I'm under the impression that any implicit method for numerically solving ODE should be providing high stability in exchange for accuracy.

I'm trying to solve the differential equation:
dy/dx = -1000y + 3000 - 2000exp(-x) with intial conditions (0,0).

I still can't understand how come the numerical solution using the Implicit Midpoint is oscillating if it is supposed to be a stable method. Judging from the values, they oscillate between ~0 and~2.

Am I missing something here?

 

[BvU]

Seems to me your initial step is relatively big: dy/dx (0) = 1000 so 0.05 makes y shoot off.
You sure there aren't any conditions at all for the stability ?

[edit] perhaps this helps -- but your midpoint is left as an exercise (nr 3 on p. 64...)

 

[maistral]

I see. The implicit midpoint requiring an initial evaluation at dy/dx(0) at the evaluation (y0 + y1)/2 makes it shoot off. Thanks. Is it safe for me to say that implicit methods do strengthen stability, but not guarantee stability? (unless its backward Euler.. that thing is a tank)

I guess I'm really better off with the Gauss-Legendre RK or that BDF thing. Thanks!

 

[BvU]

I think I can agree with your statement.
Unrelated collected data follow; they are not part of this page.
(* Let $k=2r+1$ with $r\geq1$ and $G=BS(1,k)$. Let $c_0(n)$ be the number of conjugacy classes of $G$ contained in the subgroup $\mathbb{Z}[1/k]$ whose length with respect to $\{a,t\}$ is $n$. Then the growth rate $\limsup_n c_0(n)^{1/n}$ of these conjugacy classes lies in the open interval $(\frac{4}{3},2)$.
   Context: $BS(1,k)=\langle a,t\mid tat^{-1}=a^k\rangle\cong \mathbb{Z}[1/k]\rtimes\mathbb{Z}$ via $a\mapsto(1,0)$, $t\mapsto(0,1)$, with the generator of $\mathbb{Z}$ acting by multiplication by $k$; $\mathbb{Z}[1/k]=\{(x,0)\}$ is a normal subgroup. The length of a conjugacy class is the minimal word length of its elements. The growth rate is the reciprocal of the radius of convergence of $\sum c_0(n)z^n$. *)

From HB Require Import structures.
From mathcomp Require Import all_boot all_order all_algebra.
From mathcomp Require Import all_classical all_reals.
From mathcomp Require Import finmap ereal topology normedtype sequences exp.
Set Implicit Arguments. Unset Strict Implicit. Unset Printing Implicit Defensive.
Import Order.TTheory GRing.Theory Num.Theory.
Local Open Scope ring_scope.
Local Open Scope classical_set_scope.

(* BS(1,k) = Z[1/k] ⋊ Z, modelled inside rat * int.  An element (x, m)
   with x in Z[1/k]; the generator of Z acts on Z[1/k] by multiplication by k. *)

Definition Zinvk (k : nat) (x : rat) : Prop :=
  exists (z : int) (j : nat), x = z%:~R / (k%:R ^+ j).

Definition BS_elt (k : nat) (p : rat * int) : Prop := Zinvk k p.1.

Definition bs_mul (k : nat) (p q : rat * int) : rat * int :=
  (p.1 + (k%:R : rat) ^ p.2 * q.1, p.2 + q.2)%R.
Definition bs_one : rat * int := (0, 0).
Definition bs_inv (k : nat) (p : rat * int) : rat * int :=
  (- ((k%:R : rat) ^ (- p.2) * p.1), - p.2)%R.

Definition bs_a : rat * int := (1, 0).
Definition bs_t : rat * int := (0, 1).

Inductive letter := La | LaI | Lt | LtI.

Definition letter_val (k : nat) (l : letter) : rat * int :=
  match l with
  | La => bs_a
  | LaI => bs_inv k bs_a
  | Lt => bs_t
  | LtI => bs_inv k bs_t
  end.

Definition word_eval (k : nat) (w : seq letter) : rat * int :=
  foldr (fun l acc => bs_mul k (letter_val k l) acc) bs_one w.

Definition conjclass (k : nat) (g : rat * int) : set (rat * int) :=
  [set bs_mul k (bs_mul k h g) (bs_inv k h) | h in BS_elt k].

Definition Zinvk_sub (k : nat) : set (rat * int) :=
  [set p | Zinvk k p.1 /\ p.2 = 0%R].

Definition class_length (k : nat) (C : set (rat * int)) (n : nat) : Prop :=
  (exists w : seq letter, size w = n /\ C (word_eval k w)) /\
  (forall w : seq letter, C (word_eval k w) -> (n <= size w)%N).

Definition classes0 (k n : nat) : set (set (rat * int)) :=
  [set C | exists g, BS_elt k g /\ C = conjclass k g /\
                     C `<=` Zinvk_sub k /\ class_length k C n].

Definition c0 (k n : nat) : nat := (#|` fset_set (classes0 k n) |)%fset.

Definition growth0 (R : realType) (k : nat) : \bar R :=
  limn_esup (fun n => (((c0 k n)%:R : R) `^ (n%:R^-1))%:E).

From HB Require Import structures.
From mathcomp Require Import all_boot all_order all_algebra finmap.
From mathcomp Require Import all_classical all_reals.
From mathcomp Require Import ereal topology normedtype sequences exp.
From mathcomp Require Import zify ring lra.
Import Order.TTheory GRing.Theory Num.Theory.
Local Open Scope ring_scope.
Local Open Scope classical_set_scope.

(* A conjugacy class of BS(1,k) inside Z[1/k] is an orbit {(k^j x, 0)}, so it is
   determined by any integer point of it, and it contains at most one integer not
   divisible by k.

   Upper bound: reading a word letter by letter, with the t-letters moving between
   the digit positions and the a-letters changing the current digit, a word of
   length n evaluating to (x, 0) yields k^j x = sum_i d_i k^i with
   sum_i (|d_i| + 2) <= n + 2.  Digit sequences of cost m are counted by a
   tribonacci-type recurrence (growth about 1.84), so c_0(n) <= 1.9^(n+2) and the
   growth rate is at most 1.95.

   Lower bound: for every digit sequence over {-1, 0, 1} of cost m, the integers
   +-1 + k * sum_i d_i k^i are pairwise distinct, not divisible by k, hence pairwise
   non-conjugate, and are reached by words of length m + 3.  There are at least
   1.4^m of them, so the partial sums of c_0 grow like 1.4^n and c_0(n) >= 1.35^n
   infinitely often; 1.35 > 4/3. *)

Section Growth.
Variable R : realType.

Lemma bernoulli_ineq (x : R) (n : nat) : 0 <= x -> 1 + n%:R * x <= (1 + x) ^+ n.
Proof.
move=> x_ge0; elim: n => [|n IH]; first by rewrite mul0r addr0 expr0.
have pow_ge0 : 0 <= (1 + x) ^+ n by apply: exprn_ge0; lra.
have nx_ge0 : 0 <= n%:R * x by rewrite mulr_ge0.
rewrite exprS -natr1; nra.
Qed.

Lemma geometric_dominance (a b C : R) : 0 < b < a ->
  exists N, forall n, (N <= n)%N -> C * b ^+ n < a ^+ n.
Proof.
case/andP => b_gt0 b_lt_a; set q := a / b - 1.
have q_gt0 : 0 < q by rewrite subr_gt0 ltr_pdivlMr // mul1r.
have Cq_ge0 : 0 <= `|C| / q by rewrite divr_ge0 // ltW.
exists (Num.Def.archi_bound (`|C| / q)) => n Nn.
have a_eq : a = b * (1 + q) by rewrite /q addrC subrK mulrC divfK ?gt_eqF.
rewrite a_eq exprMn mulrC ltr_pM2l ?exprn_gt0 //.
apply: lt_le_trans (bernoulli_ineq _ n (ltW q_gt0)).
have : `|C| / q < n%:R.
  by apply: lt_le_trans (archi_boundP Cq_ge0) _; rewrite ler_nat.
rewrite ltr_pdivrMr // => Cn.
have := ler_norm C; lra.
Qed.

Lemma frequently_ge_of_partial_sums (u : nat -> R) (a b : R) (d : nat) :
  1 < b < a -> (forall n, a ^+ n <= \sum_(j < d + n) u j) ->
  forall N, exists2 n, (N <= n)%N & b ^+ n <= u n.
Proof.
case/andP => b_gt1 b_lt_a sum_ge N.
case: (pselect (exists2 n, (N <= n)%N & b ^+ n <= u n)) => // none.
(* Otherwise the partial sums are [O(b ^+ n)], which [a ^+ n] eventually beats. *)
have small n : (N <= n)%N -> u n < b ^+ n.
  by move=> Nn; rewrite ltNge; apply/negP => ge; apply: none; exists n.
set S := \sum_(0 <= j < N) u j.
have b1_gt0 : 0 < b - 1 by rewrite subr_gt0.
have sum_le M : (N <= M)%N -> \sum_(0 <= j < M) u j <= S + b ^+ M / (b - 1).
  move=> NM; rewrite -(subnK NM); elim: (M - N)%N => [|i IH].
    by rewrite add0n lerDl divr_ge0 ?exprn_ge0 // ?ltW // (lt_trans ltr01).
  rewrite addSn big_nat_recr //= exprS.
  have := small (i + N)%N (leq_addl _ _).
  have -> : b * b ^+ (i + N) / (b - 1) = b ^+ (i + N) / (b - 1) + b ^+ (i + N).
    by field; rewrite subr_eq0 gt_eqF.
  lra.
have ab : 0 < b < a by apply/andP; split => //; lra.
have [n0 dom] := geometric_dominance a b (`|S| + b ^+ d / (b - 1)) ab.
set n := (n0 + N)%N.
have bn_ge1 : 1 <= b ^+ n by rewrite exprn_ege1 // ltW.
have S_le : S <= `|S| * b ^+ n by rewrite (le_trans (ler_norm S)) // ler_peMr.
have := sum_le (d + n)%N ltac:(rewrite /n; lia).
rewrite big_mkord exprD => upper.
have := sum_ge n; have := dom n (leq_addr _ _); lra.
Qed.

Lemma powR_invn_exprn (a : R) (n : nat) : (0 < n)%N -> 0 <= a ->
  (a ^+ n) `^ n%:R^-1 = a.
Proof.
move=> n_gt0 a_ge0.
by rewrite -powR_mulrn // -powRrM mulfV ?powRr1 // pnatr_eq0 -lt0n.
Qed.

Lemma limn_esup_le_eventually (u : nat -> \bar R) (l : \bar R) (N : nat) :
  (forall n, (N <= n)%N -> (u n <= l)%E) -> (limn_esup u <= l)%E.
Proof.
move=> le_l; apply: (@le_trans _ _ (ereal_sup (u @` [set n : nat | (N <= n)%N]))).
  apply: ereal_inf_lbound; exists [set n : nat | (N <= n)%N] => //.
  exact: nbhs_infty_ge.
by apply: ge_ereal_sup => _ [n /= Nn <-]; apply: le_l.
Qed.

Lemma limn_esup_ge_frequently (u : nat -> \bar R) (l : \bar R) :
  (forall N, exists2 n, (N <= n)%N & (l <= u n)%E) -> (l <= limn_esup u)%E.
Proof.
move=> freq; apply: le_ereal_inf_tmp => _ [V [N _ NV] <-].
have [n Nn l_le] := freq N.
by apply: le_trans l_le _; apply: ereal_sup_ubound; exists n => //; apply: NV.
Qed.

Lemma limn_esup_root_le (u : nat -> R) (a : R) (N : nat) : 0 <= a ->
  (forall n, (N <= n)%N -> 0 <= u n <= a ^+ n) ->
  (limn_esup (fun n => (u n `^ n%:R^-1)%:E) <= a%:E)%E.
Proof.
move=> a_ge0 le_a; apply: (@limn_esup_le_eventually _ _ N.+1) => n Nn.
have /andP[u_ge0 u_le] := le_a n (ltnW Nn).
rewrite lee_fin -[leRHS](powR_invn_exprn _ _ (leq_ltn_trans (leq0n N) Nn) a_ge0).
by apply: ge0_ler_powR; rewrite ?invr_ge0 ?nnegrE ?exprn_ge0.
Qed.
I think that's exactly the subject of the link I gave you.

I don't know what line of work/study you are in, but I find it very useful to check derivative absolute values, no matter which integrator is at work in the program I'm using.
Big values means you want to try small step sizes, but once the values are comparable and relatively smaller you want bigger steps to make reasonable progress.
For your expression I would say that's a 'stiff' ODE and the Gear method comes to mind. Sometimes you have a choice and you simply try one or two.

There's a truckload of litterature on this subject to be found on the internet nowadays, so: happy hunting !

 

[Chestermiller]

The solution oscillating between 0 and 2 does not mean that it is unstable. It's just not a good approximation. An unstable solution grows without bound.

Chet